Requirement: Pick out and copy every line below that has the word "eqVneq".

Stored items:
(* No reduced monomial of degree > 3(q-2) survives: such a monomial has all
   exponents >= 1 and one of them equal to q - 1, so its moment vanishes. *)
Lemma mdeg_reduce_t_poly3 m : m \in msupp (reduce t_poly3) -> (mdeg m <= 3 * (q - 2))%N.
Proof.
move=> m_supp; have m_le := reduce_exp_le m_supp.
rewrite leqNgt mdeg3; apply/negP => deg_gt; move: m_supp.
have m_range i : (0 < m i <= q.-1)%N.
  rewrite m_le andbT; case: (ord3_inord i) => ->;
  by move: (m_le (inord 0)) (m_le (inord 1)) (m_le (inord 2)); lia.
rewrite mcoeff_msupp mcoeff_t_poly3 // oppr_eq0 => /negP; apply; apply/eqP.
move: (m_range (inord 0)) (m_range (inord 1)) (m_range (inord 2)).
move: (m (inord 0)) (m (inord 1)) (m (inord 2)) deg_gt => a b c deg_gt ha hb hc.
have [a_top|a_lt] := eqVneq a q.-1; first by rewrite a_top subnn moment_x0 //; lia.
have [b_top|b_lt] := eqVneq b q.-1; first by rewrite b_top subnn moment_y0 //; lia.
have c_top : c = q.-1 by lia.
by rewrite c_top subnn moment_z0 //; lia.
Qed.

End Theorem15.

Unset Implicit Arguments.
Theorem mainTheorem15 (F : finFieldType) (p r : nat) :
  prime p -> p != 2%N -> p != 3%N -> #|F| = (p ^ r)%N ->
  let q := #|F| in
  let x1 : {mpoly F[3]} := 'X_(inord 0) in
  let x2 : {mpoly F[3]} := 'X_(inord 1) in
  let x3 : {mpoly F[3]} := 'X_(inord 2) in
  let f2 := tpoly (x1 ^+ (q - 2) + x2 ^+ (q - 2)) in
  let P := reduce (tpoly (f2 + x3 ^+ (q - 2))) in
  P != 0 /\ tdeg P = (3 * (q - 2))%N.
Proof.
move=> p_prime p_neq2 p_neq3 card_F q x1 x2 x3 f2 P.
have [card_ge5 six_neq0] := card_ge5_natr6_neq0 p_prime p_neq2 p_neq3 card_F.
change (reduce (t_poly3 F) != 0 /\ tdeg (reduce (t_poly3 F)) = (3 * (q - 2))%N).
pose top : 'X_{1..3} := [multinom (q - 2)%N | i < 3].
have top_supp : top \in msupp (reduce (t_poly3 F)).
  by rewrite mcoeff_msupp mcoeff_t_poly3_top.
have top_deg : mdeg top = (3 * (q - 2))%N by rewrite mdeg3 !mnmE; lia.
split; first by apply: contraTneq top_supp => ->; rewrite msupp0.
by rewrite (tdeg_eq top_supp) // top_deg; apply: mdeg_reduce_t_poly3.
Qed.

Result of this task:
have [a_top|a_lt] := eqVneq a q.-1; first by rewrite a_top subnn moment_x0 //; lia.
have [b_top|b_lt] := eqVneq b q.-1; first by rewrite b_top subnn moment_y0 //; lia.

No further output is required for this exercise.